Given #[H_3O^+]=5.4xx10^-9*mol*L^-1#, then..............
#[HO^-]=(10^-14)/(5.4xx10^-9)=1.85xx10^-5*mol*L^-1#.
Since #[HO^-]">>"[H_3O^+]# the solution is BASIC.
Note that we can use #"the log function"# to make this calculation easier.
If we take #log_10# of both sides of #K_w=[H_3O^+][HO^-]=10^(-14)#, we get:
#log_10K_w=log_10[H_3O^+]+log_10[HO^-]#
OR..........
#-log_10K_w=-log_10[H_3O^+]-log_10[HO^-]#
But #-log_10K_w=pK_w#, and #-log_10[H_3O^+]=pH# and #-log_10[HO^-]=pOH# BY DEFINITION.

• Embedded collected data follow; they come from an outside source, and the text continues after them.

Lemma K332_ham_comb F : is_gflow K332_adj F -> (2 %| edge_sum K332_adj code F)%Z ->
  ham_comb K332_adj F.
Proof.
move=> Ff Fpar; have [odd_uniq odd_cc odd_size _ _] := odd_cycle_props.
have ham_extra : hamiltonian K332_adj extra_cycle.
  by apply: K332_hamiltonian; rewrite inE eqxx.
have [uh _ ch] := ham_extra.
have h_res := pivot_residual (cycle_gflowP K332_adj_sym K332_adj_irr uh ch).
rewrite extra_cycle_residual in h_res.
have F_res := pivot_residual Ff.
set m := F (vert 6) (vert 7) - pivot_comb F (vert 6) (vert 7) in F_res.
have [n m_even] : exists n, m = n * 2.
  (* [F - pivot_comb F] has even edge sum, equal to [m] times an odd number. *)
  apply/dvdzP; rewrite -(@Gauss_dvdzl 2 m 7) //.
  have H_even : (2 %| edge_sum K332_adj code (fun x y => F x y - pivot_comb F x y))%Z.
    rewrite edge_sumB rpredB // (ham_comb_edge_sum K332_adj_sym K332_adj_irr code_inj) //.
      by rewrite card_K332.
    exact: ham_comb_pivot_comb.
  rewrite (eq_edge_sum _ F_res) edge_sumZ in H_even.
  have := edge_sum_cycle K332_adj_sym K332_adj_irr code_inj odd_uniq odd_cc.
  rewrite odd_size; set X := edge_sum _ _ _ => X_odd.
  have -> : m * 7 = m * X - m * (X - 7) by ring.
  by rewrite rpredB // dvdz_mull.
apply: (ham_comb_eq _ (ham_combD (ham_comb_pivot_comb F) (ham_combZ n
  (ham_combB (ham_comb_cycle ham_extra) (ham_comb_pivot_comb (cycle_gflow extra_cycle)))))).
move=> x y xy /=.
by rewrite -[F x y](subrK (pivot_comb F x y)) F_res // h_res // m_even; ring.
Qed.

Lemma iso_K332_ham_comb (T : finType) (e : rel T) (r : T -> nat) (F : T -> T -> int) :
  graph_iso e K332_adj -> injective r -> is_gflow e F -> (2 %| edge_sum e r F)%Z ->
  ham_comb e F.
Proof.
case=> phi [[psi phiK psiK] e12] rinj Ff Fpar.
have e_sym : symmetric e by move=> x y; rewrite !e12 K332_adj_sym.
have e_irr : irreflexive e by move=> x; rewrite e12 K332_adj_irr.
have Gpar : (2 %| edge_sum K332_adj code (fun x y => F (psi x) (psi y)))%Z.
  rewrite -(edge_sum_iso phiK psiK e12) -(rpredBl _ Fpar).
  apply: edge_sum_rank => //; first exact: inj_comp code_inj (can_inj phiK).
  by case: Ff.
have := K332_ham_comb (gflow_iso phiK psiK e12 Ff) Gpar.
by move/(ham_comb_iso phiK psiK e12); apply: ham_comb_eq => x y _; rewrite !phiK.
Qed.

Theorem corollary10p6 (gT : finGroupType) (S : {set gT}) :
  abelian [set: gT] ->
  (1 \notin S)%g ->
  (forall s, s \in S -> s^-1 \in S)%g ->
  graph_iso (cay_adj S) (boxrel (boxrel (Kn 3) (Kn 3)) (Kn 2)) ->
  forall f : flowfun gT, in_H S f <-> in_E S f.
Proof.
move=> _ S1 Sinv iso f.
have even_order : ~~ odd #|gT|.
  by case: iso => phi [/bij_eq_card -> _]; rewrite !card_prod !card_ord.
have [cay_sym cay_irr] := (cay_adj_sym Sinv, cay_adj_irr S1).
rewrite in_HE // in_EE; split=> [[f0 Ff]|[f0 Ff Fpar]]; split=> //.
- exact: ham_comb_gflow cay_sym cay_irr _ Ff.
- exact (ham_comb_edge_sum cay_sym cay_irr (@cay_rank_inj gT) even_order Ff).
- exact: iso_K332_ham_comb iso (@cay_rank_inj gT) Ff Fpar.
Qed.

And also by definition of the #"log function"#, #log_(10)10^-14=-14#.
And thus #14=pH+pOH#. And so (finally!) we can use this relationship in the given problem:
#[H_3O^+]=5.4xx10^-9#, and thus #pH=8.27#, #pOH=5.73#. At neutrality, #pOH=pH=7#. And here the solution is clearly basic.